» **EXERCISE AIM**: Restate word for word the entries below, starting with the line with "Proof. intros Hnm" and continuing through the line with "intros Hk. unfold". Include both of those lines and no others.

Collected data entries:
╔══

(* For every integer $i > 0$, the limit defining $d(W,\sigma^iW)$ exists if and only if the limit defining $d_0(W,\sigma^iW)$ exists, and in that case $$d(W,\sigma^i W) = \tfrac{4}{3}\, d_0(W,\sigma^i W).$$
   Context: Words are finite strings over $\{0,1\}$; $\alpha(i)$ is the $i$-th letter and $|\alpha|$ the length. Define $W_0 = 0$, $W_{m+1} = W_m W_m 1 W_m$, and let $W=W(0)W(1)\cdots$ (indexed from $0$) be the unique infinite word having every $W_m$ as an initial segment. For words $\alpha,\beta$ of equal length, the Hamming distance is $d(\alpha,\beta) = |\{i:\alpha(i)\ne\beta(i)\}|/|\alpha|$, and (if $\alpha$ contains a $0$) $d_0(\alpha,\beta) = |\{i : \alpha(i)=0,\ \beta(i)=1\}|/|\{i:\alpha(i)=0\}|$. For $i>0$ and $n\ge0$ let $\alpha_n = W(i)W(i+1)\cdots W(i+|W_n|-1)$ be the subword of $W$ of length $|W_n|$ starting at position $i$, and define $d(W,\sigma^iW) = \lim_{n\to\infty} d(W_n,\alpha_n)$ and $d_0(W,\sigma^iW) = \lim_{n\to\infty} d_0(W_n,\alpha_n)$. *)

From Stdlib Require Import Reals Lra Lia Arith List.
Import ListNotations.
Open Scope R_scope.

(* Words over {0,1} are lists of nat (letters 0 and 1). *)
Fixpoint Wm (m : nat) : list nat :=
  match m with
  | O => [0%nat]
  | S k => Wm k ++ Wm k ++ [1%nat] ++ Wm k
  end.

(* The infinite word W, indexed from 0: W(k) is the k-th letter of W_k
   (|W_k| > k, and each W_m is a prefix of W_{m+1}, so W has every W_m
   as initial segment). *)
Definition W (k : nat) : nat := nth k (Wm k) 0%nat.

Definition ham_count (a b : list nat) : nat :=
  length (filter (fun p => negb (Nat.eqb (fst p) (snd p))) (combine a b)).

Definition dist (a b : list nat) : R := INR (ham_count a b) / INR (length a).

Definition zeros (a : list nat) : nat := length (filter (fun x => Nat.eqb x 0) a).

Definition d0_count (a b : list nat) : nat :=
  length (filter (fun p => andb (Nat.eqb (fst p) 0) (Nat.eqb (snd p) 1)) (combine a b)).

Definition dist0 (a b : list nat) : R := INR (d0_count a b) / INR (zeros a).

Definition alpha (i n : nat) : list nat :=
  map (fun k => W (i + k)) (seq 0 (length (Wm n))).

Definition dseq (i : nat) (n : nat) : R := dist (Wm n) (alpha i n).
Definition d0seq (i : nat) (n : nat) : R := dist0 (Wm n) (alpha i n).

(* Counting mismatches of two binary words letter pair by letter pair gives
   ham = 2 * #{0 over 1} + #1(W_n) - #1(alpha_n), and the window alpha_n of W
   shifted by i has at most i more or fewer 1s than W_n.  Since W_n has
   (2 |W_n| + 1) / 3 zeros, it follows that
   |d(W_n, alpha_n) - 4/3 d_0(W_n, alpha_n)| <= (i + 1) / |W_n| <= (i + 1) / (n + 1),
   so the two sequences converge together and their limits are in ratio 4/3. *)

From Stdlib Require Import Reals Ratan Lra Lia List.
Import ListNotations.
Open Scope R_scope.

Definition ones (a : list nat) : nat := length (filter (fun x => Nat.eqb x 1) a).

Lemma ones_app (a b : list nat) : ones (a ++ b) = (ones a + ones b)%nat.
Proof. unfold ones. now rewrite filter_app, length_app. Qed.

Lemma ones_le_length (a : list nat) : (ones a <= length a)%nat.
Proof. apply filter_length_le. Qed.

Lemma ham_count_ones (a b : list nat) :
  length a = length b ->
  Forall (fun x => x <= 1)%nat a -> Forall (fun x => x <= 1)%nat b ->
  (ham_count a b + ones b = 2 * d0_count a b + ones a)%nat.
Proof.
  revert b; induction a as [|x a IH]; intros [|y b] Hlen Ha Hb; simpl in *; try lia.
  inversion Ha as [|? ? Hx Ha']; inversion Hb as [|? ? Hy Hb']; subst.
  specialize (IH b ltac:(lia) Ha' Hb').
  unfold ham_count, d0_count, ones in *; simpl.
  destruct x as [|[|x]]; destruct y as [|[|y]]; simpl; lia.
Qed.

Lemma d0_count_le_zeros (a b : list nat) : (d0_count a b <= zeros a)%nat.
Proof.
  revert b; induction a as [|x a IH]; intros [|y b]; unfold d0_count, zeros in *;
    simpl; try lia.
  specialize (IH b). destruct (Nat.eqb x 0), (Nat.eqb y 1); simpl; lia.
Qed.

Lemma ones_window_shift (f : nat -> nat) (i L : nat) :
  (ones (map f (seq i L)) <= ones (map f (seq 0 L)) + i)%nat /\
  (ones (map f (seq 0 L)) <= ones (map f (seq i L)) + i)%nat.
Proof.
  assert (Hsplit : seq 0 L ++ seq L i = seq 0 i ++ seq i L).
  { rewrite <- !seq_app. f_equal. lia. }
  apply (f_equal (fun s => ones (map f s))) in Hsplit.
  rewrite !map_app, !ones_app in Hsplit.
  pose proof (ones_le_length (map f (seq 0 i))).
  pose proof (ones_le_length (map f (seq L i))).
  rewrite !length_map, !length_seq in *. lia.
Qed.

Lemma length_Wm_S (n : nat) : length (Wm (S n)) = (3 * length (Wm n) + 1)%nat.
Proof. simpl. rewrite !length_app. simpl. lia. Qed.

Lemma zeros_Wm_S (n : nat) : zeros (Wm (S n)) = (3 * zeros (Wm n))%nat.
Proof. unfold zeros. simpl. rewrite !filter_app, !length_app. simpl. lia. Qed.

Lemma zeros_Wm (n : nat) : (3 * zeros (Wm n) = 2 * length (Wm n) + 1)%nat.
Proof. induction n; [reflexivity|]. rewrite length_Wm_S, zeros_Wm_S. lia. Qed.

Lemma length_Wm_gt (n : nat) : (n < length (Wm n))%nat.
Proof. induction n; [simpl; lia|]. rewrite length_Wm_S. lia. Qed.

Lemma Wm_binary (n : nat) : Forall (fun x => x <= 1)%nat (Wm n).
Proof.
  induction n; simpl; [now repeat constructor|].
  repeat (apply Forall_app; split); auto.
Qed.

Lemma Wm_prefix (n m : nat) : (n <= m)%nat -> exists t, Wm m = Wm n ++ t.
Proof.
  induction 1 as [|m _ [t Ht]]; [exists []; now rewrite app_nil_r|].
  simpl. rewrite Ht. eexists. now rewrite <- app_assoc.
Qed.

Lemma nth_Wm_mono (n m k : nat) :
  (n <= m)%nat -> (k < length (Wm n))%nat -> nth k (Wm m) 0%nat = nth k (Wm n) 0%nat.
Proof. intros Hnm Hk. destruct (Wm_prefix _ _ Hnm) as [t ->]. now apply app_nth1. Qed.

Lemma W_nth_Wm (n k : nat) : (k < length (Wm n))%nat -> W k = nth k (Wm n) 0%nat.
Proof.
  intros Hk. unfold W. destruct (Nat.le_ge_cases k n) as [Hkn|Hnk].
  - symmetry. apply nth_Wm_mono; [exact Hkn | apply length_Wm_gt].
  - now apply nth_Wm_mono.
Qed.

Lemma Wm_map_W (n : nat) : Wm n = map W (seq 0 (length (Wm n))).
Proof.
  apply nth_ext with (d := 0%nat) (d' := W 0); [now rewrite length_map, length_seq|].
  intros k Hk. rewrite map_nth, seq_nth by assumption.
  symmetry. now apply W_nth_Wm.
Qed.

Lemma W_binary (k : nat) : (W k <= 1)%nat.
Proof.
  rewrite (W_nth_Wm k k) by apply length_Wm_gt.
  apply (proj1 (Forall_forall _ _) (Wm_binary k)), nth_In, length_Wm_gt.
Qed.

Lemma alpha_map_W (i n : nat) : alpha i n = map W (seq i (length (Wm n))).
Proof.
  unfold alpha. replace (seq i _) with (seq (i + 0) (length (Wm n))) by now rewrite Nat.add_0_r.
  generalize 0%nat as s.
  induction (length (Wm n)) as [|L IH]; intros s; simpl; [reflexivity|].
  now rewrite IH, Nat.add_succ_r.
Qed.

Lemma ratio_estimate (H C L Z D : R) :
  0 < L -> 3 * Z = 2 * L + 1 -> 0 <= C <= Z -> Rabs (H - 2 * C) <= D ->
  Rabs (H / L - 4 / 3 * (C / Z)) <= (D + 1) / L.
Proof.
  intros HL HZ HC HD.
  replace (H / L - 4 / 3 * (C / Z)) with ((H - 2 * C + 2 * C / (2 * L + 1)) / L)
    by (replace Z with ((2 * L + 1) / 3) by lra; field; lra).
  assert (Hcorr : 0 <= 2 * C / (2 * L + 1) <= 1).
  { assert (2 * C / (2 * L + 1) * (2 * L + 1) = 2 * C) by (field; lra).
    split; nra. }
  unfold Rdiv at 1. rewrite Rabs_mult, Rabs_inv, (Rabs_pos_eq L) by lra.
  apply Rmult_le_compat_r; [left; now apply Rinv_0_lt_compat|].
  eapply Rle_trans; [apply Rabs_triang|].
  rewrite (Rabs_pos_eq (2 * C / _)); lra.
Qed.

Lemma dseq_d0seq_gap (i n : nat) :
  Rabs (dseq i n - 4 / 3 * d0seq i n) <= (INR i + 1) / (INR n + 1).
Proof.
  pose proof (ones_window_shift W i (length (Wm n))) as [Hup Hdown].
  rewrite <- (alpha_map_W i n), <- Wm_map_W in Hup, Hdown.
  unfold dseq, d0seq, dist, dist0.
  set (a := Wm n) in *. set (b := alpha i n) in *.
  assert (Hlen : length a = length b) by (subst b; unfold alpha; now rewrite length_map, length_seq).
  assert (Hb : Forall (fun x => x <= 1)%nat b).
  { rewrite Forall_forall. intros x Hx. subst b. unfold alpha in Hx.
    apply in_map_iff in Hx as [k [<- _]]. apply W_binary. }
  pose proof (ham_count_ones a b Hlen (Wm_binary n) Hb) as Hham.
  assert (HL : INR n + 1 <= INR (length a)) by (rewrite <- S_INR; apply le_INR, length_Wm_gt).
  pose proof (zeros_Wm n) as Hz. fold a in Hz. clearbody a b.
  eapply Rle_trans; [apply ratio_estimate with (D := INR i)|].
  - pose proof (pos_INR n). lra.
  - apply (f_equal INR) in Hz. rewrite plus_INR, !mult_INR in Hz. simpl in Hz. lra.
  - split; [apply pos_INR|apply le_INR, d0_count_le_zeros].
  - apply (f_equal INR) in Hham. apply le_INR in Hup, Hdown.
    rewrite !plus_INR, mult_INR in *. simpl in Hham.
    apply Rabs_le. lra.
  - apply Rmult_le_compat_l; [pose proof (pos_INR i); lra|].
    apply Rinv_le_contravar; [pose proof (pos_INR n); lra | exact HL].
Qed.

Lemma Un_cv_const (c : R) : Un_cv (fun _ => c) c.
Proof.
  intros eps Heps. exists 0%nat. intros n _.
  unfold Rdist. rewrite Rminus_diag, Rabs_R0. exact Heps.
Qed.

Lemma Un_cv_0_of_bound (w : nat -> R) (K : R) :
  (forall n, Rabs (w n) <= K / (INR n + 1)) -> Un_cv w 0.
Proof.
  intros Hw eps Heps.
  destruct (INR_archimed eps K Heps) as [N HN].
  exists N. intros n Hn. unfold Rdist. rewrite Rminus_0_r.
  apply Rle_lt_trans with (1 := Hw n).
  apply le_INR in Hn. pose proof (pos_INR N).
  apply Rmult_lt_reg_r with (INR n + 1); [lra|].
  unfold Rdiv. rewrite Rmult_assoc, Rinv_l by lra. nra.
Qed.

Lemma Un_cv_scal_of_gap (u v : nat -> R) (c l : R) :
  Un_cv (fun n => u n - c * v n) 0 -> Un_cv v l -> Un_cv u (c * l).
Proof.
  intros Hgap Hv.
  apply Un_cv_ext with (fun n => (u n - c * v n) + c * v n); [intros; ring|].
  rewrite <- (Rplus_0_l (c * l)).
  apply CV_plus; [exact Hgap|]. apply CV_mult; [apply Un_cv_const | exact Hv].
Qed.

Lemma Un_cv_gap_sym (u v : nat -> R) (c : R) :
  c <> 0 -> Un_cv (fun n => u n - c * v n) 0 -> Un_cv (fun n => v n - / c * u n) 0.
Proof.
  intros Hc Hgap.
  apply Un_cv_ext with (fun n => - / c * (u n - c * v n)); [intros; field; exact Hc|].
  rewrite <- (Rmult_0_r (- / c)).
  apply CV_mult; [apply Un_cv_const | exact Hgap].
Qed.

Theorem lemma3 (i : nat) (hi : (0 < i)%nat) :
  ((exists l, Un_cv (dseq i) l) <-> (exists l0, Un_cv (d0seq i) l0)) /\
  (forall l l0, Un_cv (dseq i) l -> Un_cv (d0seq i) l0 -> l = 4 / 3 * l0).
Proof.
  pose proof (Un_cv_0_of_bound _ _ (dseq_d0seq_gap i)) as Hgap.
  split; [split|].
  - intros [l Hl]. exists (/ (4 / 3) * l).
    apply (Un_cv_scal_of_gap _ (dseq i)); [|exact Hl].
    apply Un_cv_gap_sym; [lra | exact Hgap].
  - intros [l0 Hl0]. exists (4 / 3 * l0).
    exact (Un_cv_scal_of_gap _ _ _ _ Hgap Hl0).
  - intros l l0 Hl Hl0.
    exact (UL_sequence (dseq i) _ _ Hl (Un_cv_scal_of_gap _ _ _ _ Hgap Hl0)).
Qed.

╚══

» **RESPONSE TO THE TASK**:
Proof. intros Hnm Hk. destruct (Wm_prefix _ _ Hnm) as [t ->]. now apply app_nth1. Qed.

Lemma W_nth_Wm (n k : nat) : (k < length (Wm n))%nat -> W k = nth k (Wm n) 0%nat.
Proof.
  intros Hk. unfold W. destruct (Nat.le_ge_cases k n) as [Hkn|Hnk].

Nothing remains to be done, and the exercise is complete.